EXERCISE OBJECTIVE:
Return exactly the lines below, starting with the one that has "move=> lt_row; split;" and going on through the one that has "Definition ltr (d".

(SOURCE MATERIAL Opens)

Lemma weak_le_swap_to U : weak_le T U -> entry b U y < entry b U x -> weak_le T' U.
Proof.
move=> TU Uyx c d cC dC cd; have [[-> ->] //|ne_yx] := eqVneq (c, d) (y, x).
by rewrite ltn_entry_swap ?neq_xy ?(ltnW cd) //; apply: TU.
Qed.

Lemma ninv_swap : ninv T = (ninv T').+1.
Proof.
apply: (count_succ_at (z := (y, x))); rewrite ?allpairs_f //=.
- apply: allpairs_uniq; try exact: uniq_cells.
  by move=> [? ?] [? ?] _ _ /= [-> ->].
- by rewrite yx Txy /=.
- by rewrite [_ < entry b T' y]ltnNge (ltnW ltn_entry_swap_yx) andbF.
move=> _ /allpairsP [[c d] [/= cC dC ->]] ne_yx /=.
have [[-> ->]|ne_xy] := eqVneq (c, d) (x, y); first by rewrite ltnNge (ltnW yx).
have ne_dc_xy : (d, c) != (x, y) by apply: contraNneq ne_yx => -[-> ->].
have ne_dc_yx : (d, c) != (y, x) by apply: contraNneq ne_xy => -[-> ->].
by rewrite ltn_entry_swap.
Qed.

End AdjacentSwap.
End Inversions.

Section WeakOrder.
Variables a b : seq nat.
Local Notation C := (cells a b).
Local Notation n := (skew_size a b).
Local Notation weak_le := (weak_le a b).
Local Notation ninv := (ninv a b).
Local Notation row_standard := (row_standard a b).

Lemma pi_step_cases T T' : is_filling a b T -> pi_step a b T T' ->
  T' = T \/ exists x y, [/\ x \in C, y \in C, y.1 < x.1,
    entry b T y = (entry b T x).+1 & T' = swap_i (entry b T x) T].
Proof.
move=> fillT [i [i_gt0 i_n]]; set x := cell_of a b T i; set y := cell_of a b T i.+1.
have [xC Tx] : x \in C /\ entry b T x = i by apply: (cell_ofK fillT); lia.
have [yC Ty] : y \in C /\ entry b T y = i.+1 by apply: (cell_ofK fillT); lia.
rewrite /pi_op -Ty -Tx !(rowof_entry fillT) //.
case: ltnP => [_ [<-] | _]; first by left.
by case: ltnP => // yx [<-]; right; exists x, y; rewrite Tx Ty.
Qed.

Lemma sit_le_weak_le T U : sit_le a b T U -> row_standard T ->
  row_standard U /\ weak_le T U.
Proof.
elim=> [T0 std0 | T0 T1 T2 step _ IH std0]; first by split.
have [E | [x [y [xC yC yx Txy E]]]] := pi_step_cases std0.1 step; subst T1.
  exact: IH.
have [std2 le12] := IH (swap_row_standard std0 xC yC yx Txy).
by split=> //; apply: weak_le_trans (weak_le_swap std0 xC yC yx Txy) le12.
Qed.

Lemma ninv_weak_le T U : is_filling a b T -> weak_le T U -> ninv U <= ninv T.
Proof.
move=> fillT TU; apply: sub_in_count => _ /allpairsP [[c d] [/= cC dC ->]].
case/andP=> /= cd Udc; rewrite cd /=; rewrite ltnNge leq_eqVlt; apply/negP.
case/orP=> [/eqP/(inj_entry fillT cC dC) Ecd | Tcd]; first by move: cd; rewrite Ecd ltnn.
by move: Udc; rewrite ltnNge (ltnW (TU _ _ cC dC cd Tcd)).
Qed.

Lemma eq_filling_order T U : is_filling a b T -> is_filling a b U ->
  (forall c d, c \in C -> d \in C -> entry b T c < entry b T d -> entry b U c < entry b U d) ->
  T = U.
Proof.
move=> fillT fillU TU.
rewrite -(mkT_entry (filling_shape fillT)) -(mkT_entry (filling_shape fillU)).
apply: eq_in_mkT => c cC; rewrite (entry_count fillT cC) (entry_count fillU cC).
congr S; apply: eq_in_count => d dC /=; apply/idP/idP; first exact: TU.
case: (ltngtP (entry b T d) (entry b T c)) => // [Tcd | /(inj_entry fillT dC cC) ->].
  by move=> Udc; move: (TU _ _ cC dC Tcd); rewrite ltnNge (ltnW Udc).
by rewrite ltnn.
Qed.

Lemma exists_order_flip T U : is_filling a b T -> is_filling a b U -> T <> U ->
  exists c d, [/\ c \in C, d \in C, entry b T c < entry b T d & entry b U d < entry b U c].
Proof.
move=> fillT fillU TU.
have /hasP[_ /allpairsP[[c d] [/= cC dC ->]] /andP[Tcd Udc]] :
    has (fun p => (entry b T p.1 < entry b T p.2) && (entry b U p.2 < entry b U p.1))
        [seq (c, d) | c <- C, d <- C].
  apply: contra_notT TU => /hasPn noflip; apply: eq_filling_order => // c d cC dC Tcd.
  have /= := noflip _ (allpairs_f pair cC dC); rewrite Tcd /= -leqNgt leq_eqVlt.
  by case/orP => // /eqP /(inj_entry fillU cC dC) Ecd; move: Tcd; rewrite Ecd ltnn.
by exists c, d.
Qed.

Lemma adjacent_flip_below T U x y : row_standard T -> row_standard U -> weak_le T U ->
  x \in C -> y \in C -> entry b T y = (entry b T x).+1 -> entry b U y < entry b U x ->
  y.1 < x.1.
Proof.
move=> [fillT incT] [fillU incU] TU xC yC Txy Uyx.
move/(rows_increasingP (filling_shape fillT)): incT => incT.
move/(rows_increasingP (filling_shape fillU)): incU => incU.
have [xy | // | x1y1] := ltngtP x.1 y.1.
  by move: Uyx; rewrite ltnNge ltnW // TU // Txy.
have [x2y2 | y2x2 | x2y2] := ltngtP x.2 y.2.
- by move: Uyx; rewrite ltnNge ltnW // incU.
- by move: (incT _ _ yC xC (esym x1y1) y2x2); rewrite Txy ltnNge leqnSn.
- move: Txy; case: x x1y1 x2y2 {xC Uyx} => x1 x2; case: y {yC} => y1 y2 /= -> ->.
  by move/n_Sn.
Qed.

Lemma exists_adjacent_flip T U : row_standard T -> row_standard U -> weak_le T U -> T <> U ->
  exists x y, [/\ x \in C, y \in C, y.1 < x.1,
    entry b T y = (entry b T x).+1 & entry b U y < entry b U x].
Proof.
move=> stdT stdU TU /(exists_order_flip stdT.1 stdU.1) [c [d [cC dC Tcd Udc]]].
have [j /andP[cj jd] Uj] : exists2 j, entry b T c <= j < entry b T d &
    entry b U (cell_of a b T j.+1) < entry b U (cell_of a b T j).
  by apply: exists_descent; rewrite ?(ltnW Tcd) // !(entryK stdT.1).
have := entry_range stdT.1 cC; have := entry_range stdT.1 dC => Td_n Tc_n.
have [xC Tx] : cell_of a b T j \in C /\ entry b T (cell_of a b T j) = j.
  by apply: (cell_ofK stdT.1); lia.
have [yC Ty] : cell_of a b T j.+1 \in C /\ entry b T (cell_of a b T j.+1) = j.+1.
  by apply: (cell_ofK stdT.1); lia.
exists (cell_of a b T j), (cell_of a b T j.+1); split; rewrite ?Tx ?Ty //.
by apply: adjacent_flip_below stdT stdU TU xC yC _ Uj; rewrite Tx Ty.
Qed.

Lemma ninv_weak_lt T U : row_standard T -> row_standard U -> weak_le T U -> T <> U ->
  ninv U < ninv T.
Proof.
move=> stdT stdU TU /(exists_adjacent_flip stdT stdU TU) [x [y [xC yC yx Txy Uyx]]].
rewrite (ninv_swap stdT xC yC yx Txy) ltnS.
apply: ninv_weak_le (swap_row_standard stdT xC yC yx Txy).1 _.
exact: weak_le_swap_to stdT xC yC yx Txy U TU Uyx.
Qed.

Lemma weak_le_anti T U : row_standard T -> row_standard U ->
  weak_le T U -> weak_le U T -> T = U.
Proof.
move=> stdT stdU TU UT; have [// | /eqP neTU] := eqVneq T U.
have := ninv_weak_lt stdT stdU TU neTU.
by rewrite ltnNge ltnW // (ninv_weak_lt stdU stdT UT (nesym neTU)).
Qed.

Lemma weak_le_sit_le T U : row_standard T -> row_standard U -> weak_le T U ->
  sit_le a b T U.
Proof.
move: {2}(ninv T) (leqnn (ninv T)) => m.
elim: m T => [|m IH] T ninvT stdT stdU TU; have [-> | /eqP neTU] := eqVneq T U;
  try exact: sit_le_refl.
  by have := ninv_weak_lt stdT stdU TU neTU; lia.
have [x [y [xC yC yx Txy Uyx]]] := exists_adjacent_flip stdT stdU TU neTU.
apply: sit_le_step (pi_step_swap stdT xC yC yx Txy) _.
apply: IH (swap_row_standard stdT xC yC yx Txy) stdU _.
  by move: ninvT; rewrite (ninv_swap stdT xC yC yx Txy).
exact: weak_le_swap_to stdT xC yC yx Txy U TU Uyx.
Qed.

Lemma sit_leP T U : row_standard T -> row_standard U -> sit_le a b T U <-> weak_le T U.
Proof.
move=> stdT stdU; split; last exact: weak_le_sit_le.
by move/sit_le_weak_le => /(_ stdT) [].
Qed.

End WeakOrder.

Section RankFilling.
Variables (a b : seq nat) (lt : rel (nat * nat)).
Hypotheses (lt_irr : irreflexive lt) (lt_trans : transitive lt).
Hypothesis lt_total : forall c d, c != d -> lt c d || lt d c.
Local Notation C := (cells a b).
Local Notation n := (skew_size a b).

Definition rank c : nat := (count (lt^~ c) C).+1.

Lemma ltn_rank c d : c \in C -> d \in C -> (rank c < rank d) = lt c d.
Proof.
have rank_lt e f : e \in C -> lt e f -> rank e < rank f.
  move=> eC ef; rewrite ltnS; apply: (ltn_sub_count (z := e)) => //=.
  - by move=> g /= ge; apply: lt_trans ef.
  - by rewrite lt_irr.
move=> cC dC; apply/idP/idP; last exact: rank_lt.
have [-> | ncd] := eqVneq c d; first by rewrite ltnn.
by case/orP: (lt_total ncd) => // /(rank_lt _ _ dC) dc /(ltn_trans dc); rewrite ltnn.
Qed.

Lemma perm_rank : perm_eq (map rank C) (iota 1 n).
Proof.
have uniq_rank : uniq (map rank C).
  rewrite map_inj_in_uniq ?uniq_cells // => c d cC dC Ecd; apply/eqP/negP => /negP ncd.
  by case/orP: (lt_total ncd); rewrite -ltn_rank // Ecd ltnn.
have rank_iota : {subset map rank C <= iota 1 n}.
  move=> _ /mapP [c cC ->]; rewrite mem_iota add1n ltnS /rank /skew_size -count_predT.
  by apply: (ltn_sub_count (z := c)) => //=; rewrite lt_irr.
have size_rank : size (iota 1 n) <= size (map rank C) by rewrite size_map size_iota.
have [_ mem_rank] := uniq_min_size uniq_rank rank_iota size_rank.
by apply: uniq_perm; rewrite ?iota_uniq.
Qed.

Lemma rank_row_standard : (forall c d, c.1 = d.1 -> c.2 < d.2 -> lt c d) ->
  row_standard a b (mkT a b rank).
Proof.
move=> lt_row; split; first split; try by case: (mkT_shape a b rank).
  by rewrite flatten_mkT; exact: perm_rank.
apply/(rows_increasingP (mkT_shape a b rank)) => c d cC dC cd cd2.
by rewrite !entry_mkT // ltn_rank // lt_row.
Qed.

End RankFilling.

(* [S_col a b] and [S_row a b] are convertible to [mkT a b (rank a b ltc)] and
   [mkT a b (rank a b ltr)]. *)
Definition ltc (d c : nat * nat) : bool := (d.2 < c.2) || ((d.2 == c.2) && (d.1 < c.1)).
Definition ltr (d c : nat * nat) : bool := (d.1 < c.1) || ((d.1 == c.1) && (d.2 < c.2)).

Lemma ltc_irr : irreflexive ltc. Proof. by case=> x1 x2; rewrite /ltc /=; lia. Qed.
Lemma ltc_trans : transitive ltc.
Proof. by move=> [x1 x2] [y1 y2] [z1 z2]; rewrite /ltc /=; lia. Qed.
Lemma ltc_total c d : c != d -> ltc c d || ltc d c.
Proof. by case: c d => [x1 x2] [y1 y2]; rewrite /ltc /= xpair_eqE; lia. Qed.

Lemma ltr_irr : irreflexive ltr. Proof. by case=> x1 x2; rewrite /ltr /=; lia. Qed.
Lemma ltr_trans : transitive ltr.
Proof. by move=> [x1 x2] [y1 y2] [z1 z2]; rewrite /ltr /=; lia. Qed.
Lemma ltr_total c d : c != d -> ltr c d || ltr d c.
Proof. by case: c d => [x1 x2] [y1 y2]; rewrite /ltr /= xpair_eqE; lia. Qed.

Section ReadingTableaux.
Variables a b : seq nat.
Local Notation C := (cells a b).

Lemma ltn_S_col c d : c \in C -> d \in C ->
  (entry b (S_col a b) c < entry b (S_col a b) d) = ltc c d.
Proof.
move=> cC dC; rewrite !(@entry_mkT a b (rank a b ltc)) //.
exact: (ltn_rank ltc_irr ltc_trans ltc_total).
Qed.

Lemma ltn_S_row c d : c \in C -> d \in C ->
  (entry b (S_row a b) c < entry b (S_row a b) d) = ltr c d.
Proof.
move=> cC dC; rewrite !(@entry_mkT a b (rank a b ltr)) //.
exact: (ltn_rank ltr_irr ltr_trans ltr_total).
Qed.

Lemma S_col_row_standard : row_standard a b (S_col a b).
Proof.
apply: rank_row_standard; [exact: ltc_irr | exact: ltc_trans | exact: ltc_total |].
by move=> [x1 x2] [y1 y2]; rewrite /ltc /=; lia.
Qed.

Lemma S_row_row_standard : row_standard a b (S_row a b).
Proof.
apply: rank_row_standard; [exact: ltr_irr | exact: ltr_trans | exact: ltr_total |].
by move=> [x1 x2] [y1 y2]; rewrite /ltr /=; lia.
Qed.

Lemma weak_le_S_row T : weak_le a b T (S_row a b).
Proof. by move=> c d cC dC cd _; rewrite ltn_S_row // /ltr cd. Qed.

Lemma ninv_S_row : ninv a b (S_row a b) = 0.
Proof.
apply/eqP; rewrite -leqn0 leqNgt -has_count; apply/hasPn.
move=> _ /allpairsP [[c d] [/= cC dC ->]] /=.
by rewrite ltn_S_row // /ltr; case: ltngtP.
Qed.

End ReadingTableaux.

Section ExtendedTableaux.
Variables a b : seq nat.
Local Notation C := (cells a b).
Local Notation n := (skew_size a b).
Local Notation S_col := (S_col a b).
Local Notation S_row := (S_row a b).
Local Notation weak_le := (weak_le a b).
Local Notation ninv := (ninv a b).
Local Notation row_standard := (row_standard a b).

(SOURCE MATERIAL Closes)

RESPONSE BELOW:
move=> lt_row; split; first split; try by case: (mkT_shape a b rank).
  by rewrite flatten_mkT; exact: perm_rank.
apply/(rows_increasingP (mkT_shape a b rank)) => c d cC dC cd cd2.
by rewrite !entry_mkT // ltn_rank // lt_row.
Qed.

End RankFilling.

(* [S_col a b] and [S_row a b] are convertible to [mkT a b (rank a b ltc)] and
   [mkT a b (rank a b ltr)]. *)
Definition ltc (d c : nat * nat) : bool := (d.2 < c.2) || ((d.2 == c.2) && (d.1 < c.1)).
Definition ltr (d c : nat * nat) : bool := (d.1 < c.1) || ((d.1 == c.1) && (d.2 < c.2)).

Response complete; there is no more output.